As illustrated in FIGS. 7-8, the low friction seal member 18 may be secured at the distal end to the cannula or a tip associated with the cannula, and at the proximal end thereof to the cannula housing or between the cannula housing and cannula, with the biasing member disposed between the inner surface of the cannula and the outer surface of the low friction membrane.

Referring to FIG. 7, low friction seal membrane 18 can be secured at proximal end 40, for example, by being entrapped between the proximal end of cannula 12 and the inner cannula housing 42. The distal end of the cannula can include a cannula tip insert 44 which can engage the distal end of the cannula 12. The distal end 46 of the low friction seal membrane 18 can be secured between a portion of cannula 12 and distal tip 44. The low friction membrane may be secured to cannula 12 at the proximal and distal ends in a variety of ways, including glue, welding (e.g., ultrasonic welding), friction, mechanical entrapment, or any combination of the foregoing.

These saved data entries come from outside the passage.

(* (1) Let $S$ be a simple random walk and $\overline S=T(S)$. Then (i) for all $n\ge0$, $\sigma(\overline S_j,j\le n)\vee\sigma(S_1)=\sigma(S_j,j\le n+1)$; (ii) $S_1$ is independent of $\sigma(\overline S)$. (2) Let $\overline S=(\overline S_k)_{k\ge0}$ be a simple random walk. Then (i) (on a possibly enlarged probability space) there exists a simple random walk $S$ with $T(S)=\overline S$, and consequently, with $\overline Y_n:=\max_{k\le n}\overline S_k-\overline S_n$, one has $|\overline Y_n-|S_n||\le 2$ for all $n\in\mathbb N$; (ii) the set of simple random walks $S'$ with $T(S')=\overline S$ consists (almost surely) of exactly the two elements $S$ and $-S$, where $S$ is determined by $\overline S$ together with the additional independent sign $S_1$.
   Context: A simple random walk (SRW) $S=(S_n)_{n\ge0}$ has $S_0=0$ and i.i.d. steps $X_i=S_i-S_{i-1}$ uniform on $\{-1,1\}$. The Csaki–Vincze transformation $T$: given $S$, define $\tau_0=0$, $\tau_1=\min\{i>0:S_{i-1}S_{i+1}<0\}$, $\tau_{l+1}=\min\{i>\tau_l:S_{i-1}S_{i+1}<0\}$ for $l\ge1$; for $j\ge1$ set $\overline X_j=\sum_{l\ge0}(-1)^{l+1}X_1X_{j+1}1_{\{\tau_l+1\le j\le\tau_{l+1}\}}$, and $\overline S_0=0$, $\overline S_j=\overline X_1+\dots+\overline X_j$. Then $T(S):=\overline S$. It is known (Csaki–Vincze) that $\overline S=T(S)$ is a SRW satisfying $|\max_{k\le n}\overline S_k-\overline S_n-|S_n||\le2$ for all $n$, and that $\tau_l=\min\{n\ge0:\overline S_n=2l\}$ for all $l\ge1$. *)

From HB Require Import structures.
From mathcomp Require Import all_boot all_order all_algebra.
From mathcomp Require Import all_classical all_reals all_analysis.
Set Implicit Arguments. Unset Strict Implicit. Unset Printing Implicit Defensive.
Import Order.TTheory GRing.Theory Num.Theory.
Local Open Scope classical_set_scope.
Local Open Scope ring_scope.

Definition srw_path (s : nat -> int) : Prop :=
  s 0%N = 0 /\ forall i, `|s i.+1 - s i| = 1.

Definition step (s : nat -> int) (i : nat) : int := s i - s i.-1.

(* tau_{l+1} = min{ i > tau_l : S_{i-1} S_{i+1} < 0 }, None = +infinity
   (minimum of the empty set). *)
Definition next_tau (s : nat -> int) (t : nat) : option nat :=
  let p : pred nat := fun i => (t < i)%N && (s i.-1 * s i.+1 < 0) in
  match pselect (exists i, p i) with
  | left h => Some (ex_minn h)
  | right _ => None
  end.

Fixpoint tau (s : nat -> int) (l : nat) : option nat :=
  match l with
  | 0%N => Some 0%N
  | l'.+1 => match tau s l' with Some t => next_tau s t | None => None end
  end.

Definition tau_ind (s : nat -> int) (l j : nat) : bool :=
  match tau s l, tau s l.+1 with
  | Some a, Some b => (a < j <= b)%N
  | Some a, None => (a < j)%N
  | None, _ => false
  end.

(* Xbar_j = sum_{l >= 0} (-1)^{l+1} X_1 X_{j+1} 1{tau_l+1 <= j <= tau_{l+1}},
   for j >= 1. Since tau_l >= l, only l < j can contribute, so the sum is
   taken over 0 <= l < j. *)
Definition Xbar (s : nat -> int) (j : nat) : int :=
  \sum_(0 <= l < j) ((-1) ^+ l.+1 * step s 1 * step s j.+1 * (tau_ind s l j)%:Z).

Definition CV (s : nat -> int) : nat -> int :=
  fun j => \sum_(1 <= k < j.+1) Xbar s k.

Section Prob.
Context {d : measure_display} {Omega : measurableType d} {R : realType}.
Variable P : probability Omega R.
Local Open Scope ereal_scope.

Definition int_rv (Y : Omega -> int) : Prop :=
  forall B : set int, measurable (Y @^-1` B).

Referring to FIG. 8, biasing member 24 can be formed in a rest position to have open ends and a narrowed central region. The biasing member may be made of metal, plastic or other elastomeric materials, for example, sufficient to constrict the central region of the low friction seal member, and having slits or openings so that the biasing member may flex in response to an instrument inserted through the seal. The biasing member and seal membrane can be unattached over their entire length and more completely independently of one another.

Thus, as an instrument is inserted through the seal, the biasing member can maintain the low friction seal member in contact with the instrument, and radially expand in order to permit the instrument to pass through the cannula. The biasing member can be unsecured to the cannula or housing, but rather can be contained in the space between the low friction seal member and the cannula.

Other features also are contemplated, including lubricious coatings on the low friction seal member, alternate zero seals other than a duckbill valve, and the like.

It is apparent to one skilled in the art that various changes and modifications can be made to this disclosure, and equivalents employed, without departing from the spirit and scope of the invention. Elements shown with any embodiment are exemplary for the specific embodiment and can be used in combination with or otherwise on other embodiments within this disclosure.